[Problem to solve]
Only one stretch of the listing below is wanted. Begin at the line that has "by apply: connected_subset", stop after the line that has "have cF : closed (\bigcup_i closure (F i)).", and repeat every line in between exactly.

========================================================================

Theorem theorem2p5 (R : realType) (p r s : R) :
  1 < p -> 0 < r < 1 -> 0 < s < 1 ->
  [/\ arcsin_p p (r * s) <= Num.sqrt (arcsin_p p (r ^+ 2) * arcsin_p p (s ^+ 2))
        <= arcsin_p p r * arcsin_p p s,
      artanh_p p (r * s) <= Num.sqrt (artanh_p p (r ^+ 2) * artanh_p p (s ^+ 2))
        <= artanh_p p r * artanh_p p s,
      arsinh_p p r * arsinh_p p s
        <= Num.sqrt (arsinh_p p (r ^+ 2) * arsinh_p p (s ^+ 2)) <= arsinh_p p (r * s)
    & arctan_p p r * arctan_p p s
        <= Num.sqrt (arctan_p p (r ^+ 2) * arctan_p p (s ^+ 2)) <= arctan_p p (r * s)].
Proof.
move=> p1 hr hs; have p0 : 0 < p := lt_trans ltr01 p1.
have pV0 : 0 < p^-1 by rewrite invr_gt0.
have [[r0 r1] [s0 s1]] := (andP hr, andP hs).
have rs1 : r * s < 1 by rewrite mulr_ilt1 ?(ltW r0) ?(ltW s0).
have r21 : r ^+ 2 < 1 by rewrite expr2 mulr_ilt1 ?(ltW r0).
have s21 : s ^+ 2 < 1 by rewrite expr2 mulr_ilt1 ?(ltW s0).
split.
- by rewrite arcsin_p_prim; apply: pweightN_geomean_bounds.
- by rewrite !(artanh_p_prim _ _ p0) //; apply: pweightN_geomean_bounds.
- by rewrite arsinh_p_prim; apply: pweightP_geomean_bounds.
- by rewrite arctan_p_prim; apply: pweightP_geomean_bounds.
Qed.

========================================================================

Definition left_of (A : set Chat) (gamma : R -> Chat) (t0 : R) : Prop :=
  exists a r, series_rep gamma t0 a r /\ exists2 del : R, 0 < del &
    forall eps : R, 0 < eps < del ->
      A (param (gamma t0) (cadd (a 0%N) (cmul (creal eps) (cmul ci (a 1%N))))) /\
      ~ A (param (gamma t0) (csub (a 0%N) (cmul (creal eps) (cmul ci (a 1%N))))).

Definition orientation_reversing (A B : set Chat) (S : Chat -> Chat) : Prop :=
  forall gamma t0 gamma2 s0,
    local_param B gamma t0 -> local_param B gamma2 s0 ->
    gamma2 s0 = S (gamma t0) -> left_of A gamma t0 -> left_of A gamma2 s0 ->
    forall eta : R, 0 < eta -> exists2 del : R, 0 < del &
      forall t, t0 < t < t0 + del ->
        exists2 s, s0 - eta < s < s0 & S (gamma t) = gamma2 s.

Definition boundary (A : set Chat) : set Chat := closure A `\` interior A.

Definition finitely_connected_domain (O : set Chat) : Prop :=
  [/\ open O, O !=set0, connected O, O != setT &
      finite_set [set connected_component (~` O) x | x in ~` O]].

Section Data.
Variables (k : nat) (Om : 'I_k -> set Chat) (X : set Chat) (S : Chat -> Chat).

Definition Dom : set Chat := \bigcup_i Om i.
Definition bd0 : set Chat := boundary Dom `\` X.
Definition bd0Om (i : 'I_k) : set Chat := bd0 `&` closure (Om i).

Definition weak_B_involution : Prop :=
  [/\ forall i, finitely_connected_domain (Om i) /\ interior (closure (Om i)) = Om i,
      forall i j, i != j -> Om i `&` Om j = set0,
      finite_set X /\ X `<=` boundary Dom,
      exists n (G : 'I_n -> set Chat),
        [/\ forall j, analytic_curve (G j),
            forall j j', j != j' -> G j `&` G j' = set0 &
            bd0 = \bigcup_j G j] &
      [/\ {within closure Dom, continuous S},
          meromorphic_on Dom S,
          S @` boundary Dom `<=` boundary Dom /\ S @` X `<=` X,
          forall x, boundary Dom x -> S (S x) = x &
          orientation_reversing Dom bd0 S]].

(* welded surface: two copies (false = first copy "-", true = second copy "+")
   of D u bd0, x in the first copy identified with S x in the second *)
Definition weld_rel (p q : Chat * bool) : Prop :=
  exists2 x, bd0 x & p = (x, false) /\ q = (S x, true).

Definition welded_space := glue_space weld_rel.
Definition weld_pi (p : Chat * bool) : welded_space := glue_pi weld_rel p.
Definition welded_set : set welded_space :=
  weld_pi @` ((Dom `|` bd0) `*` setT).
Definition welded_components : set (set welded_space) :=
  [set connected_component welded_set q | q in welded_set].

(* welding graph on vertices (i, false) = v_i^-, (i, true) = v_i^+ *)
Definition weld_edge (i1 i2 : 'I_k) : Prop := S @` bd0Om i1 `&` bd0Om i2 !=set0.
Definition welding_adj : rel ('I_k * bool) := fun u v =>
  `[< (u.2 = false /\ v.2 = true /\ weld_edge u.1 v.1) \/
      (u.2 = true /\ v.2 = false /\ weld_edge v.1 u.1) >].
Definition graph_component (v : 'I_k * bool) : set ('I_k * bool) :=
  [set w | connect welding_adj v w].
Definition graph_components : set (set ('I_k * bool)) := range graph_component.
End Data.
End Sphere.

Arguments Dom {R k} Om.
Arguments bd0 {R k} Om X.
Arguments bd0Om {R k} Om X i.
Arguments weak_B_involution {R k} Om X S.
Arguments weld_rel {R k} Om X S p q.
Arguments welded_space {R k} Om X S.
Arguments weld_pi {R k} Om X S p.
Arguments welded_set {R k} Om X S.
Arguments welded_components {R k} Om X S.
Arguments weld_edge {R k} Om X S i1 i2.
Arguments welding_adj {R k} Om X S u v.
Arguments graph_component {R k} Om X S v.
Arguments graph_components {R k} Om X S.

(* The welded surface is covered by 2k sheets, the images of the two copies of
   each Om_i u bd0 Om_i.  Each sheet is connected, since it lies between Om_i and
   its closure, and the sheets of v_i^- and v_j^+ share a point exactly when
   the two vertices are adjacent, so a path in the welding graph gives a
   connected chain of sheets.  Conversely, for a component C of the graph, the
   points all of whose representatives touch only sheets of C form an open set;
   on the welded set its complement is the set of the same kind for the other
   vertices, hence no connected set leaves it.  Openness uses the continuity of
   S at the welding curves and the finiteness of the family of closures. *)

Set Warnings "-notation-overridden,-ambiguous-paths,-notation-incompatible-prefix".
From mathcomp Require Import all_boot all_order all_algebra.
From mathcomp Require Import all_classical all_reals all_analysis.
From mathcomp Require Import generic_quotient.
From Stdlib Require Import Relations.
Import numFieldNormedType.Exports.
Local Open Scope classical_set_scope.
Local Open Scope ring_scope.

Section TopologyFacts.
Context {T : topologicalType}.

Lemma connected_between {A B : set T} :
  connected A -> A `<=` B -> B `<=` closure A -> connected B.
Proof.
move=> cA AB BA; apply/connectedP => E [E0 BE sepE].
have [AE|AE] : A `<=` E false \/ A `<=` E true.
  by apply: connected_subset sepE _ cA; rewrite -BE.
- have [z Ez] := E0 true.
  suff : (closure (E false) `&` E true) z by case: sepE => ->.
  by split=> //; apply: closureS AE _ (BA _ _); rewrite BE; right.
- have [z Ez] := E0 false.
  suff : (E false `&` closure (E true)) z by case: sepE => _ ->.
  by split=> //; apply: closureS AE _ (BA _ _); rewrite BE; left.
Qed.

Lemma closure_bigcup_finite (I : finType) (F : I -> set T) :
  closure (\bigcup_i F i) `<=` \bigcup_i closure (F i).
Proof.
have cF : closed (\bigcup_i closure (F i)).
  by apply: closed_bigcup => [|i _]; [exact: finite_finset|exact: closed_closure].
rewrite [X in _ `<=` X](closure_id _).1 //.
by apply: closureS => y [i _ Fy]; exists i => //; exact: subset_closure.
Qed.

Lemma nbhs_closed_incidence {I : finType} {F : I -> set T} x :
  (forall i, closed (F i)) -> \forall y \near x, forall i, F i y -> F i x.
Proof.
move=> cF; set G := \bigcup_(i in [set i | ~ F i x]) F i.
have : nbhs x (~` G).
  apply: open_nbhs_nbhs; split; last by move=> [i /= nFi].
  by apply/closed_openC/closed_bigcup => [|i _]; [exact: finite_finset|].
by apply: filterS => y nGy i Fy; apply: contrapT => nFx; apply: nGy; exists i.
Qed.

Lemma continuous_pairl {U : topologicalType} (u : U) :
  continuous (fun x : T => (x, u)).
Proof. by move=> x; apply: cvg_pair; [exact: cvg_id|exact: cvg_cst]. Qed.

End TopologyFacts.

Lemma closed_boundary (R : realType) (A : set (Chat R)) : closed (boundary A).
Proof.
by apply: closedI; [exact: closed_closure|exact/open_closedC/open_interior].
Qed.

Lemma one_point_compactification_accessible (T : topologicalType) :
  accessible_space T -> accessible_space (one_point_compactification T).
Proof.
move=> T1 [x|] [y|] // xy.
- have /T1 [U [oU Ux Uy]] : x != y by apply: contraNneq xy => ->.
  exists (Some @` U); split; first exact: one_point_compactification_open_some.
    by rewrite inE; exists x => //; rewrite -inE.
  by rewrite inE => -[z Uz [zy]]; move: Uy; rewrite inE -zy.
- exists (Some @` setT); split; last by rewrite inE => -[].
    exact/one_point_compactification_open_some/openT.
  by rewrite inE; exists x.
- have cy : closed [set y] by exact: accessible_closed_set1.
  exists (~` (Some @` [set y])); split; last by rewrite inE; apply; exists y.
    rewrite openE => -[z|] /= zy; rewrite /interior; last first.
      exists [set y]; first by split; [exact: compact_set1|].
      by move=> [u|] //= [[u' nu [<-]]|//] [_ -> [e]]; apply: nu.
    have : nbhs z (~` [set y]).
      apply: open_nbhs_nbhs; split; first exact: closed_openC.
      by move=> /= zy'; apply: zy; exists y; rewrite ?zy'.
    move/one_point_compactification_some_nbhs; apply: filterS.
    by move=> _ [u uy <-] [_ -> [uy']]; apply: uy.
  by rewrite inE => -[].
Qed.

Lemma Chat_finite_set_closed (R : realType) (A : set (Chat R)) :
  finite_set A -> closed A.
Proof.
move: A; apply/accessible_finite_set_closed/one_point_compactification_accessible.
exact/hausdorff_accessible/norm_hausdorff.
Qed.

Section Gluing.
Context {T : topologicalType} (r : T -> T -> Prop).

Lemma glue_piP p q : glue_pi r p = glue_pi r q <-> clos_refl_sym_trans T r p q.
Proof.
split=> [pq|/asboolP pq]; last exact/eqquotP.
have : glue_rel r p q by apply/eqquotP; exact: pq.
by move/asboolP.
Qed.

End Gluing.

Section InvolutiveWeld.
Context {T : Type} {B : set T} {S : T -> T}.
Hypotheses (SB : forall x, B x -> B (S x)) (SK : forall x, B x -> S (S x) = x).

========================================================================

[Solution to this exercise]
  by apply: connected_subset sepE _ cA; rewrite -BE.
- have [z Ez] := E0 true.
  suff : (closure (E false) `&` E true) z by case: sepE => ->.
  by split=> //; apply: closureS AE _ (BA _ _); rewrite BE; right.
- have [z Ez] := E0 false.
  suff : (E false `&` closure (E true)) z by case: sepE => _ ->.
  by split=> //; apply: closureS AE _ (BA _ _); rewrite BE; left.
Qed.

Lemma closure_bigcup_finite (I : finType) (F : I -> set T) :
  closure (\bigcup_i F i) `<=` \bigcup_i closure (F i).
Proof.
have cF : closed (\bigcup_i closure (F i)).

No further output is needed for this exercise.